:: Input data ::
Theorem theorem3 (R : realFieldType) (T : finType) (e : rel T) (D : {set T}) :
  is_tree e -> subcubic e ->
  min_porous_exp_dom R e D ->
  is_frac_opt R e (#|D|%:R) ->
  (1 < #|D|)%N ->
  (* (i) *)
  (forall u : T, deg e u \in [:: 1%N; 2%N] -> wstar R e D u = 1) /\
  (* (ii) *)
  ((forall v : T, v \in D -> deg e v = 3%N) /\
   (forall u v : T, deg e u \in [:: 1%N; 2%N] -> e u v -> deg e v = 3%N /\ v \notin D)) /\
  (* (iii) *)
  ~ (exists u w : T, [/\ deg e u = 1%N, deg e w = 2%N & dist e u w = 2%N]) /\
  (* (iv) *)
  ~ (exists u1 u2 v : T,
       [/\ deg e u1 = 1%N, deg e u2 = 1%N, deg e v = 2%N, dist e u1 u2 = 2%N
         & dist e u1 v \in [:: 3%N; 4%N]]).
Proof.
move=> e_tree e_subcubic D_min D_frac_opt D_gt1.
have low_deg u : deg e u \in [:: 1%N; 2%N] -> (deg e u < 3)%N.
  by rewrite !inE => /orP [] /eqP ->.
split; first by move=> u /low_deg; apply: wstar_low_deg.
split; first split.
- exact (mem_D_deg3 e_tree e_subcubic D_min D_frac_opt).
- move=> u v /low_deg deg_u euv; split.
    exact (low_deg_neighbour_deg3 e_tree e_subcubic D_min D_frac_opt deg_u euv).
  exact (low_deg_neighbour_notin_D e_tree e_subcubic D_min D_frac_opt D_gt1 deg_u euv).
split.
- case=> u [w [deg_u deg_w duw]].
  exact (no_leaf_deg2_dist2 e_tree e_subcubic D_min D_frac_opt deg_u deg_w duw).
- case=> u1 [u2 [v [deg_u1 deg_u2 deg_v d12 d1v]]].
  exact (no_twin_leaves_near_deg2 e_tree e_subcubic D_min D_frac_opt D_gt1 deg_u1
    deg_u2 deg_v d12 d1v).
Qed.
:::
Work instruction
From the line with "have low_deg u" through the last line of the records, set down every line exactly as written and leave out all others.

Result
have low_deg u : deg e u \in [:: 1%N; 2%N] -> (deg e u < 3)%N.
  by rewrite !inE => /orP [] /eqP ->.
split; first by move=> u /low_deg; apply: wstar_low_deg.
split; first split.
- exact (mem_D_deg3 e_tree e_subcubic D_min D_frac_opt).
- move=> u v /low_deg deg_u euv; split.
    exact (low_deg_neighbour_deg3 e_tree e_subcubic D_min D_frac_opt deg_u euv).
  exact (low_deg_neighbour_notin_D e_tree e_subcubic D_min D_frac_opt D_gt1 deg_u euv).
split.
- case=> u [w [deg_u deg_w duw]].
  exact (no_leaf_deg2_dist2 e_tree e_subcubic D_min D_frac_opt deg_u deg_w duw).
- case=> u1 [u2 [v [deg_u1 deg_u2 deg_v d12 d1v]]].
  exact (no_twin_leaves_near_deg2 e_tree e_subcubic D_min D_frac_opt D_gt1 deg_u1
    deg_u2 deg_v d12 d1v).
Qed.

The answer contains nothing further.